What the task requires: Return the number of lines below that contain "ThetaProgression"; nothing else belongs in the reply.

Segment Start: Supplied material

(* Since [y' > sqrt p], [y * y' + a >= y * y' - p >= y' * (y - sqrt p)]. *)
Lemma zd_step_diff_bound : Rabs (y' - y) * (y - sqrt p) <= 2 * y * Rabs (x' - x).
Proof.
  pose proof a_bounds as [ha1 ha2]; pose proof xx'_gt; pose proof yy'_gt.
  assert (p_ge0 : 0 <= p) by lra.
  set (q := sqrt p).
  assert (q_ge0 : 0 <= q) by apply sqrt_pos.
  assert (qq : q * q = p) by (apply sqrt_sqrt, p_ge0).
  assert (q_lt_y : q < y) by (apply sqrt_lt_of_lt_sqr; tauto).
  assert (q_le_y' : q <= y') by nra.
  assert (E : Rabs (y' - y) * (y * y' + a) * (x * x') = Rabs (x' - x) * (x * x' - a) * (y * y')).
  { pose proof (f_equal Rabs diff) as E; rewrite !Rabs_mult in E.
    rewrite (Rabs_pos_eq (y * y' + a)), (Rabs_pos_eq (x * x' - a)),
      (Rabs_pos_eq x), (Rabs_pos_eq x'), (Rabs_pos_eq y), (Rabs_pos_eq y') in E by nra.
    exact E. }
  apply (Rmult_le_reg_r (y' * (x * x'))); [nra|].
  pose proof (Rabs_pos (y' - y)); pose proof (Rabs_pos (x' - x)).
  apply Rle_trans with (Rabs (y' - y) * (y * y' + a) * (x * x')).
  { rewrite <- Rmult_assoc; apply Rmult_le_compat_r; [nra|].
    rewrite Rmult_assoc; apply Rmult_le_compat_l; nra. }
  rewrite E; replace (2 * y * Rabs (x' - x) * (y' * (x * x')))
    with (Rabs (x' - x) * (2 * (x * x')) * (y * y')) by ring.
  apply Rmult_le_compat_r; [nra|]; apply Rmult_le_compat_l; lra.
Qed.

End TwoSteps.

Lemma sin_eq_opp_of_add x y (K : Z) : x + y = 2 * PI * IZR K -> sin x = - sin y.
Proof.
  intros Hxy.
  set (u := IZR K * PI); set (v := (x - y) / 2).
  assert (Hx : x = u + v) by (unfold u, v; lra).
  assert (Hy : y = u - v) by (unfold u, v; lra).
  rewrite Hx, Hy, sin_plus, sin_minus, (sin_eq_0_1 u) by (exists K; reflexivity).
  ring.
Qed.

Lemma Rabs_mult_sin_le c t : Rabs (c * sin t) <= Rabs c.
Proof.
  rewrite Rabs_mult; rewrite <- (Rmult_1_r (Rabs c)) at 2.
  apply Rmult_le_compat_l; [apply Rabs_pos|].
  apply Rabs_le, SIN_bound.
Qed.

Lemma arith_prog_closed (u : nat -> R) D :
  (forall k, (1 <= k)%nat -> u (S k) = u k + D) ->
  forall k, (1 <= k)%nat -> u k = u 1%nat + (INR k - 1) * D.
Proof.
  intros Hu k hk; induction k as [|k IH]; [lia|].
  destruct (Nat.eq_dec k 0) as [->|nz]; [simpl; ring|].
  rewrite Hu, IH, S_INR by lia; ring.
Qed.

Section ThetaProgression.

Variables (N : nat) (theta : nat -> R).
Hypotheses (N_gt0 : (0 < N)%nat)
  (Htheta : forall k, (1 <= k)%nat -> theta (S k) = theta k + dtheta N).

Let INR_N_neq0 : INR N <> 0.
Proof. apply not_0_INR; lia. Qed.

Lemma theta_add_period k : (1 <= k)%nat -> theta (k + N)%nat = theta k + 2 * PI.
Proof.
  intros hk.
  rewrite (arith_prog_closed _ _ Htheta (k + N)), (arith_prog_closed _ _ Htheta k), plus_INR
    by lia.
  unfold dtheta; field; exact INR_N_neq0.
Qed.

Lemma sin_theta_reflect k0 e (m : Z) t a b :
  (1 <= k0)%nat -> theta k0 = INR e * (dtheta N / 2) + 2 * PI * IZR m ->
  (1 <= a)%nat -> (1 <= b)%nat -> (a + b + e = 2 * k0 + t * N)%nat ->
  sin (theta a) = - sin (theta b).
Proof.
  intros hk0 Hk0 ha hb Hab.
  apply (sin_eq_opp_of_add _ _ (2 * m + Z.of_nat t)).
  assert (Hsum : INR a + INR b + INR e - 2 * INR k0 - INR t * INR N = 0).
  { apply (f_equal INR) in Hab; rewrite !plus_INR, !mult_INR in Hab; simpl in Hab; lra. }
  assert (HND : INR N * dtheta N - 2 * PI = 0) by (unfold dtheta; field; exact INR_N_neq0).
  rewrite (arith_prog_closed _ _ Htheta a), (arith_prog_closed _ _ Htheta b) by lia.
  rewrite (arith_prog_closed _ _ Htheta k0) in Hk0 by lia.
  rewrite plus_IZR, mult_IZR, <- INR_IZR_INZ.
  apply Rminus_diag_uniq.
  replace (theta 1%nat) with (INR e * (dtheta N / 2) + 2 * PI * IZR m - (INR k0 - 1) * dtheta N)
    by lra.
  transitivity ((INR a + INR b + INR e - 2 * INR k0 - INR t * INR N) * dtheta N
                + INR t * (INR N * dtheta N - 2 * PI)); [field|].
  rewrite Hsum, HND; ring.
Qed.

End ThetaProgression.

Section Solutions.

Variables (P : R) (theta : nat -> R).

Lemma zd_rec_eq_succ_iff w w' k : zd_rec P theta w -> admissible P w ->
  zd_rec P theta w' -> admissible P w' -> (1 <= k)%nat ->
  w k = w' k <-> w (S k) = w' (S k).
Proof.
  intros Hz Ha Hz' Ha' hk.
  exact (zd_step_eq_iff _ _ _ _ _ _ (Ha k hk) (Ha' k hk) (Ha (S k) (le_S _ _ hk))
    (Ha' (S k) (le_S _ _ hk)) (Rabs_mult_sin_le P (theta k)) (Hz k hk) (Hz' k hk)).
Qed.

Lemma zd_rec_eq_iff w w' j k : zd_rec P theta w -> admissible P w ->
  zd_rec P theta w' -> admissible P w' -> (1 <= j)%nat -> (1 <= k)%nat ->
  w j = w' j <-> w k = w' k.
Proof.
  intros Hz Ha Hz' Ha'.
  assert (H1 : forall n, (1 <= n)%nat -> w n = w' n <-> w 1%nat = w' 1%nat).
  { intros n hn; induction n as [|n IH]; [lia|].
    destruct (Nat.eq_dec n 0) as [->|nz]; [reflexivity|].
    rewrite <- (zd_rec_eq_succ_iff w w' n) by (auto || lia); apply IH; lia. }
  intros hj hk; rewrite H1, (H1 k); tauto.
Qed.

Lemma zd_rec_reflect w (s : nat) : zd_rec P theta w -> admissible P w ->
  (forall a b, (1 <= a)%nat -> (1 <= b)%nat -> (a + b + 1 = s)%nat ->
     sin (theta a) = - sin (theta b)) ->
  forall a b, (1 <= a)%nat -> (1 <= b)%nat -> (a + b = s)%nat -> w a = w b.
Proof.
  intros Hz Ha Hsin.
  assert (Hd : forall d a, (1 <= a)%nat -> (a + (a + d) = s)%nat -> w a = w (a + d)%nat).
  { induction d as [d IH] using lt_wf_ind; intros a ha Hs.
    destruct d as [|[|d]].
    - now rewrite Nat.add_0_r.
    - assert (sin0 : sin (theta a) = 0) by (pose proof (Hsin a a ha ha ltac:(lia)); lra).
      pose proof (Hz a ha) as Hstep; rewrite sin0, Rmult_0_r, Rmult_0_l in Hstep.
      rewrite Nat.add_1_r; lra.
    - assert (Hmid : w (S a) = w (S a + d)%nat) by (apply IH; lia).
      assert (Hback : zd_step (P * sin (theta (S a + d)%nat)) (w (S a)) (w a)).
      { rewrite <- (Ropp_involutive (sin _)), <- (Hsin a (S a + d)%nat) by lia.
        rewrite Ropp_mult_distr_r_reverse; apply zd_step_flip, (Hz a ha). }
      replace (a + S (S d))%nat with (S (S a + d)) by lia.
      apply (zd_step_eq_iff _ _ _ _ _ _ (Ha (S a) ltac:(lia)) (Ha (S a + d)%nat ltac:(lia))
        (Ha a ha) (Ha (S (S a + d)) ltac:(lia)) (Rabs_mult_sin_le _ _)
        Hback (Hz (S a + d)%nat ltac:(lia))).
      exact Hmid. }
  intros a b ha hb Hs; destruct (Nat.le_ge_cases a b) as [hab|hab].
  - replace b with (a + (b - a))%nat by lia; apply Hd; lia.
  - symmetry; replace a with (b + (a - b))%nat by lia; apply Hd; lia.
Qed.

End Solutions.

Lemma zd_rec_periodic N P theta w k0 e (m : Z) : (0 < N)%nat ->
  (forall k, (1 <= k)%nat -> theta (S k) = theta k + dtheta N) ->
  zd_rec P theta w -> admissible P w ->
  (1 <= k0)%nat -> (e <= 1)%nat -> theta k0 = INR e * (dtheta N / 2) + 2 * PI * IZR m ->
  periodic_from1 N w.
Proof.
  intros hN Htheta Hz Ha hk0 he Hk0.
  assert (Hrefl : forall t a b, (1 <= a)%nat -> (1 <= b)%nat ->
            (a + b + e = 2 * k0 + t * N + 1)%nat -> w a = w b).
  { intros t a b ha hb Hab.
    apply (zd_rec_reflect P theta w (2 * k0 + t * N + 1 - e)); auto; [|lia].
    intros a' b' ha' hb' Hs.
    apply (sin_theta_reflect N theta hN Htheta k0 e m t); auto; lia. }
  (* The reflections with [t = k] and [t = k + 1] compose to the shift by [N]. *)
  intros k hk.
  assert (k <= k * N)%nat by nia.
  assert (S k * N = k * N + N)%nat by lia.
  rewrite (Hrefl (S k) (k + N)%nat (2 * k0 + k * N + 1 - e - k)%nat),
    (Hrefl k k (2 * k0 + k * N + 1 - e - k)%nat); [reflexivity|lia ..].
Qed.

Lemma periodic_from1_mul N (u : nat -> R) : periodic_from1 N u ->
  forall m k, (1 <= k)%nat -> u (k + m * N)%nat = u k.
Proof.
  intros Hu m; induction m as [|m IH]; intros k hk; [now rewrite Nat.add_0_r|].
  replace (k + S m * N)%nat with (k + m * N + N)%nat by lia.
  rewrite Hu by lia; apply IH, hk.
Qed.

Lemma periodic_from1_window N (u : nat -> R) k1 : (0 < N)%nat -> periodic_from1 N u ->
  (1 <= k1)%nat -> forall k, (1 <= k)%nat -> exists n, (n < N)%nat /\ u k = u (k1 + n)%nat.
Proof.
  intros hN Hu hk1 k hk.
  set (r := (k + k1 * N - k1)%nat).
  exists (r mod N); split; [apply Nat.mod_upper_bound; lia|].
  rewrite <- (periodic_from1_mul N u Hu k1 k hk),
    <- (periodic_from1_mul N u Hu (r / N) (k1 + r mod N)) by lia.
  f_equal; pose proof (Nat.div_mod_eq r N); assert (k1 <= k1 * N)%nat by nia; lia.
Qed.

Section Perturbation.

Variables (P : R) (theta w : nat -> R).
Hypotheses (Hz : zd_rec P theta w) (Ha : admissible P w).

Lemma zd_rec_diff_succ w' k : zd_rec P theta w' -> admissible P w' -> (1 <= k)%nat ->
  Rabs (w' (S k) - w (S k)) <= growth (Rabs P) (w (S k)) * Rabs (w' k - w k).
Proof.
  intros Hz' Ha' hk.
  pose proof (zd_step_diff_bound _ _ _ _ _ _ (Ha k hk) (Ha' k hk) (Ha (S k) (le_S _ _ hk))
    (Ha' (S k) (le_S _ _ hk)) (Rabs_mult_sin_le P (theta k)) (Hz k hk) (Hz' k hk)) as B.
  destruct (Ha (S k) (le_S _ _ hk)) as [y_gt0 y_sqr].
  pose proof (sqrt_lt_of_lt_sqr _ _ (Rabs_pos P) y_gt0 y_sqr).
  apply (Rmult_le_reg_r (w (S k) - sqrt (Rabs P))); [lra|].
  unfold growth; replace (_ * Rabs (w' k - w k) * _) with (2 * w (S k) * Rabs (w' k - w k))
    by (field; lra).
  exact B.
Qed.

Lemma zd_rec_diff_window k1 : (1 <= k1)%nat -> forall B, exists C, 0 < C /\
  forall w', zd_rec P theta w' -> admissible P w' ->
  forall n, (n <= B)%nat -> Rabs (w' (k1 + n)%nat - w (k1 + n)%nat) <= C * Rabs (w' k1 - w k1).
Proof.
  intros hk1 B; induction B as [|B [C [C_pos HC]]].
  - exists 1; split; [lra|]; intros w' _ _ n hn.
    replace n with 0%nat by lia; rewrite Nat.add_0_r; lra.
  - set (L := growth (Rabs P) (w (k1 + S B)%nat)).
    assert (L_ge1 : 1 <= L)
      by (destruct (Ha (k1 + S B)%nat ltac:(lia)); apply growth_ge1; auto using Rabs_pos).
    exists (C * L); split; [nra|]; intros w' Hz' Ha' n hn.
    pose proof (Rabs_pos (w' k1 - w k1)).
    destruct (Nat.eq_dec n (S B)) as [->|nB].
    + rewrite Nat.add_succ_r.
      eapply Rle_trans; [apply zd_rec_diff_succ; auto; lia|].
      rewrite <- Nat.add_succ_r; fold L.
      rewrite (Rmult_comm C L), Rmult_assoc.
      apply Rmult_le_compat_l; [lra|]; apply HC; auto.
    + apply Rle_trans with (C * Rabs (w' k1 - w k1)); [apply HC; auto; lia|].
      rewrite (Rmult_comm C L), Rmult_assoc, <- (Rmult_1_l (C * _)) at 1.
      apply Rmult_le_compat_r; nra.
Qed.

Segment End: Supplied material

Expected answer: 2